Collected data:

::::::::::

From HB Require Import structures.
From mathcomp Require Import all_boot all_order all_algebra.
From mathcomp Require Import reals.
From mathcomp Require Import zify lra.
Import Order.TTheory GRing.Theory Num.Theory.
Set Implicit Arguments. Unset Strict Implicit. Unset Printing Implicit Defensive.

(* Writing x^|B :&: B'| = sum_{S \subset B :&: B'} (x-1)^|S| and exchanging sums,
     P(F,x) = sum_k (x-1)^k Q_k(F) - b x^3,    Q_k(F) = sum_{|S| = k} lambda_S^2,
   so for x >= 1 it suffices that F minimises every Q_k among triple systems
   with b blocks.  The sums sum_{|S| = k} lambda_S = b * 'C(3,k) do not depend on
   the system, and a vector with fixed sum and entries differing by at most one
   minimises the sum of squares.  This settles
   - Q_0 = b^2 and Q_k = 0 for k > 3 (trivial),
   - Q_3 (F is 3-balanced),
   - Q_1 (the degree sums of the defect graph force the lambda_x to be balanced).
   For Q_2 one compares squared deviations from lambda: F has exactly one unit
   of squared deviation per defect edge, while any triple system F' has at least
   as many by a parity argument on the graph of pairs with lambda_S - lambda odd
   (its degrees and its number of edges have prescribed parities). *)

Lemma balanced_sum_sq_min (T : finType) (P : pred T) (a a' : T -> nat) :
  \sum_(t | P t) a t = \sum_(t | P t) a' t ->
  (forall s t, P s -> P t -> a s <= (a t).+1) ->
  \sum_(t | P t) a t * a t <= \sum_(t | P t) a' t * a' t.
Proof.
move=> same_sum bal.
case: (pickP P) => [t0 Pt0|P0]; last by rewrite big_pred0.
case: (arg_minnP a Pt0) => t1 Pt1 amin; set m := a t1.
(* n^2 + m(m+1) >= (2m+1) n for every n, with equality iff n \in {m, m+1} *)
have ge : \sum_(t | P t) ((2 * m + 1) * a' t)
          <= \sum_(t | P t) (a' t * a' t + m * (m + 1)).
  apply: leq_sum => t _; case: (leqP (a' t) m) => h.
    have : 0 <= (m - a' t) * (m + 1 - a' t) by []. nia.
  have : 0 <= (a' t - m) * (a' t - m - 1) by []. nia.
have eq : \sum_(t | P t) ((2 * m + 1) * a t)
          = \sum_(t | P t) (a t * a t + m * (m + 1)).
  apply: eq_bigr => t Pt; have := amin t Pt; have := bal t t1 Pt Pt1; nia.
rewrite big_split /= -big_distrr /= -same_sum in ge.
rewrite big_split /= -big_distrr /= in eq.
lia.
Qed.

Lemma ordered_pairs_of_2set (V : finType) (a c x y : V) : a != c ->
  (y != x) && ([set x; y] == [set a; c]) = ((x, y) == (a, c)) || ((x, y) == (c, a)).
Proof.
move=> ac; apply/idP/idP.
- case/andP=> yx /eqP E.
  have xin : x \in [set a; c] by rewrite -E !inE eqxx.
  have yin : y \in [set a; c] by rewrite -E !inE eqxx orbT.
  move: xin yin yx; rewrite !inE => /orP[]/eqP-> /orP[]/eqP->; rewrite ?eqxx ?orbT //=.
- case/orP => /eqP [-> ->]; first by rewrite eq_sym ac eqxx.
  by rewrite ac setUC eqxx.
Qed.

Lemma sum_ordered_pairs (V : finType) (g : {set V} -> nat) :
  \sum_(x : V) \sum_(y | y != x) g [set x; y] = 2 * \sum_(S : {set V} | #|S| == 2) g S.
Proof.
rewrite pair_big_dep /=.
rewrite (partition_big (fun p : V * V => [set p.1; p.2]) (fun S => #|S| == 2)) /=;
  last by move=> [x y] /= yx; rewrite cards2 (eq_sym x) yx.
rewrite big_distrr /=; apply: eq_bigr => S /cards2P [a [c [ac ->]]].
transitivity (\sum_(p : V * V | (p.2 != p.1) && ([set p.1; p.2] == [set a; c]))
                g [set a; c]); first by apply: eq_bigr => p /andP[_ /eqP ->].
rewrite sum_nat_const; congr (_ * _).
transitivity #|[set (a, c); (c, a)]|;
  first by apply: eq_card => -[x y]; rewrite !inE /=; exact: ordered_pairs_of_2set.
suff ne : (a, c) != (c, a) by rewrite cards2 ne.
by apply/eqP => -[h _]; rewrite h eqxx in ac.
Qed.

Lemma card_2sets (V : finType) : #|[pred S : {set V} | #|S| == 2]| = 'C(#|V|, 2).
Proof. by rewrite -card_draws; apply: eq_card => S; rewrite inE. Qed.

Lemma odd_sum (I : finType) (P : pred I) (f : I -> nat) :
  odd (\sum_(j | P j) f j) = odd (\sum_(j | P j) (odd (f j) : nat)).
Proof. by elim/big_rec2: _ => //= j m n _ IH; rewrite !oddD IH oddb. Qed.

Lemma exists_pos_term (I : finType) (P : pred I) (f : I -> nat) :
  0 < \sum_(j | P j) f j -> exists j, P j && (0 < f j).
Proof.
move=> h; case: (pickP [pred j | P j && (0 < f j)]) => [j /= hj|none]; first by exists j.
move: h; rewrite big1 // => j Pj; move: (none j) => /=; rewrite Pj /=.
by case: (f j).
Qed.

Definition Qk (V : finType) (b : nat) (F : 'I_b -> {set V}) (k : nat) : nat :=
  \sum_(S : {set V} | #|S| == k) lamS F S * lamS F S.

Definition natdist (m n : nat) : nat := (m - n) + (n - m).
Definition dev_sq (V : finType) (b : nat) (F : 'I_b -> {set V}) (lam : nat) : nat :=
  \sum_(S : {set V} | #|S| == 2) natdist (lamS F S) lam * natdist (lamS F S) lam.

Section TripleSystemCounting.
Variables (V : finType) (b : nat) (F : 'I_b -> {set V}).
Hypothesis TS : is_TS F.

Lemma lamS_sum (S : {set V}) : lamS F S = \sum_(i < b | S \subset F i) 1.
Proof. by rewrite /lamS sum1dep_card. Qed.

(* Double counting: each block contains 'C(3, k) subsets of size k. *)
Lemma sum_lamS (k : nat) :
  \sum_(S : {set V} | #|S| == k) lamS F S = b * 'C(3, k).
Proof.
case: TS => _ blk3; under eq_bigr do rewrite lamS_sum.
rewrite (exchange_big_dep xpredT) //=.
transitivity (\sum_(i < b) 'C(3, k)); last by rewrite sum_nat_const card_ord.
apply: eq_bigr => i _; rewrite sum1dep_card -(blk3 i) -cards_draws.
by apply: eq_card => S; rewrite !inE andbC.
Qed.

Lemma lamS_set0 : lamS F set0 = b.
Proof. by rewrite /lamS -[RHS]card_ord; apply: eq_card => i; rewrite inE sub0set. Qed.

Lemma lamS_large (S : {set V}) : 3 < #|S| -> lamS F S = 0.
Proof.
case: TS => _ blk3 h; apply/eqP; rewrite cards_eq0; apply/eqP/setP => i; rewrite !inE.
by apply/negP => /subset_leq_card; rewrite blk3; lia.
Qed.

(* Each block through x contains exactly two pairs {x, y}. *)
Lemma sum_lamS_pairs_at (x : V) :
  \sum_(y | y != x) lamS F [set x; y] = 2 * lamS F [set x].
Proof.
case: TS => _ blk3; under eq_bigr do rewrite lamS_sum.
rewrite (exchange_big_dep xpredT) //= lamS_sum big_distrr /= big_mkcond [RHS]big_mkcond /=.
apply: eq_bigr => i _; rewrite sum1dep_card sub1set.
case: ifP => xF.
  have -> : [set y | y != x & [set x; y] \subset F i] = F i :\ x.
    by apply/setP => y; rewrite !inE subUset !sub1set xF.
  by have := cardsD1 x (F i); rewrite blk3 xF; lia.
apply/eqP; rewrite cards_eq0; apply/eqP/setP => y.
by rewrite !inE subUset !sub1set xF andbF.
Qed.

Lemma Qk0 : Qk F 0 = b * b.
Proof. by rewrite /Qk (big_pred1 set0) ?lamS_set0 // => S; rewrite cards_eq0. Qed.

Lemma Qk_large (k : nat) : 3 < k -> Qk F k = 0.
Proof. by move=> k3; rewrite /Qk big1 // => S /eqP Sk; rewrite lamS_large // Sk. Qed.

Lemma Qk2_dev_sq (lam : nat) :
  Qk F 2 + 'C(#|V|, 2) * (lam * lam) = dev_sq F lam + 2 * lam * (3 * b).
Proof.
rewrite -card_2sets -sum_nat_const /Qk /dev_sq -big_split /=.
rewrite -[3 * b](mulnC b) -(sum_lamS 2) big_distrr -big_split /=.
by apply: eq_bigr => S _; rewrite /natdist; nia.
Qed.

End TripleSystemCounting.

Lemma Qk_min (V : finType) (b : nat) (F F' : 'I_b -> {set V}) (k : nat) :
  is_TS F -> is_TS F' ->
  (forall S S' : {set V}, #|S| = k -> #|S'| = k -> lamS F S <= (lamS F S').+1) ->
  Qk F k <= Qk F' k.
Proof.
move=> TS TS' bal; apply: balanced_sum_sq_min; first by rewrite !sum_lamS.
by move=> S T /eqP hS /eqP hT; apply: bal.
Qed.

Lemma Qk2_min (V : finType) (b : nat) (F F' : 'I_b -> {set V}) (lam : nat) :
  is_TS F -> is_TS F' -> dev_sq F lam <= dev_sq F' lam -> Qk F 2 <= Qk F' 2.
Proof.
by move=> TS TS' hd; have := Qk2_dev_sq TS lam; have := Qk2_dev_sq TS' lam; lia.
Qed.

Section PolynomialReduction.
Local Open Scope ring_scope.
Variables (R : realType) (V : finType) (b : nat).

Lemma binomial_subsets (A : {set V}) (y : R) :
  (y + 1) ^+ #|A| = \sum_(S : {set V} | S \subset A) y ^+ #|S|.
Proof.
rewrite exprD1n.
rewrite (partition_big (fun S : {set V} => inord #|S| : 'I_#|A|.+1) xpredT) //=.
apply: eq_bigr => k _.
have -> : \sum_(S : {set V} | (S \subset A) && (inord #|S| == k)) y ^+ #|S|
          = \sum_(S : {set V} | (S \subset A) && (#|S| == k)) y ^+ k.
  apply: eq_big => S.
    case sA: (S \subset A) => //=.
    have le : (#|S| <= #|A|)%N by apply: subset_leq_card.
    apply/eqP/eqP => [eq|eq]; first by rewrite -eq inordK.
    by apply: val_inj; rewrite /= inordK ?eq.
  by move=> /andP[sA /eqP <-]; rewrite inordK // ltnS subset_leq_card.
rewrite sumr_const -cards_draws.
by congr (_ *+ _); apply: eq_card => S; rewrite inE.
Qed.

Lemma sum_by_card (G : {set V} -> R) :
  \sum_(S : {set V}) G S = \sum_(k < #|V|.+1) \sum_(S : {set V} | #|S| == k) G S.
Proof.
rewrite (partition_big (fun S : {set V} => inord #|S| : 'I_#|V|.+1) xpredT) //=.
apply: eq_bigr => k _; apply: eq_bigl => S /=.
have le : (#|S| <= #|V|)%N by apply: max_card.
apply/eqP/eqP => [eq|eq]; first by rewrite -eq inordK.
by apply: val_inj; rewrite /= inordK ?eq.
Qed.

Lemma card_block_pairs_containing (F : 'I_b -> {set V}) (S : {set V}) :
  #|[set p : 'I_b * 'I_b | (p.1 != p.2) && (S \subset F p.1 :&: F p.2)]|
  = (lamS F S * lamS F S - lamS F S)%N.
Proof.
set A := [set i | S \subset F i].
have -> : [set p : 'I_b * 'I_b | (p.1 != p.2) && (S \subset F p.1 :&: F p.2)]
          = setX A A :\: [set (i, i) | i in A].
  apply/setP => -[i j]; rewrite !inE /= subsetI.
  case: (eqVneq i j) => [<-|ne] /=.
    rewrite andbb; case SFi: (S \subset F i); rewrite ?andbF //= andbT.
    by rewrite (imset_f (fun k => (k, k)) (_ : i \in A)) // inE.
  suff -> : (i, j) \notin [set (i0, i0) | i0 in A] by [].
  by apply/imsetP => -[k _ [e1 e2]]; move: ne; rewrite e1 e2 eqxx.
rewrite cardsD cardsX (setIidPr _); first by rewrite card_imset // => i j [].
by apply/subsetP => p /imsetP[i iA ->]; rewrite inE /= iA.
Qed.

::::::::::

Copy, please, exactly the lines that start at the first line of the data and end at the line containing "- Q_1 (the degree", both kept and no others.

## [ANSWER SPACE]
From HB Require Import structures.
From mathcomp Require Import all_boot all_order all_algebra.
From mathcomp Require Import reals.
From mathcomp Require Import zify lra.
Import Order.TTheory GRing.Theory Num.Theory.
Set Implicit Arguments. Unset Strict Implicit. Unset Printing Implicit Defensive.

(* Writing x^|B :&: B'| = sum_{S \subset B :&: B'} (x-1)^|S| and exchanging sums,
     P(F,x) = sum_k (x-1)^k Q_k(F) - b x^3,    Q_k(F) = sum_{|S| = k} lambda_S^2,
   so for x >= 1 it suffices that F minimises every Q_k among triple systems
   with b blocks.  The sums sum_{|S| = k} lambda_S = b * 'C(3,k) do not depend on
   the system, and a vector with fixed sum and entries differing by at most one
   minimises the sum of squares.  This settles
   - Q_0 = b^2 and Q_k = 0 for k > 3 (trivial),
   - Q_3 (F is 3-balanced),
   - Q_1 (the degree sums of the defect graph force the lambda_x to be balanced).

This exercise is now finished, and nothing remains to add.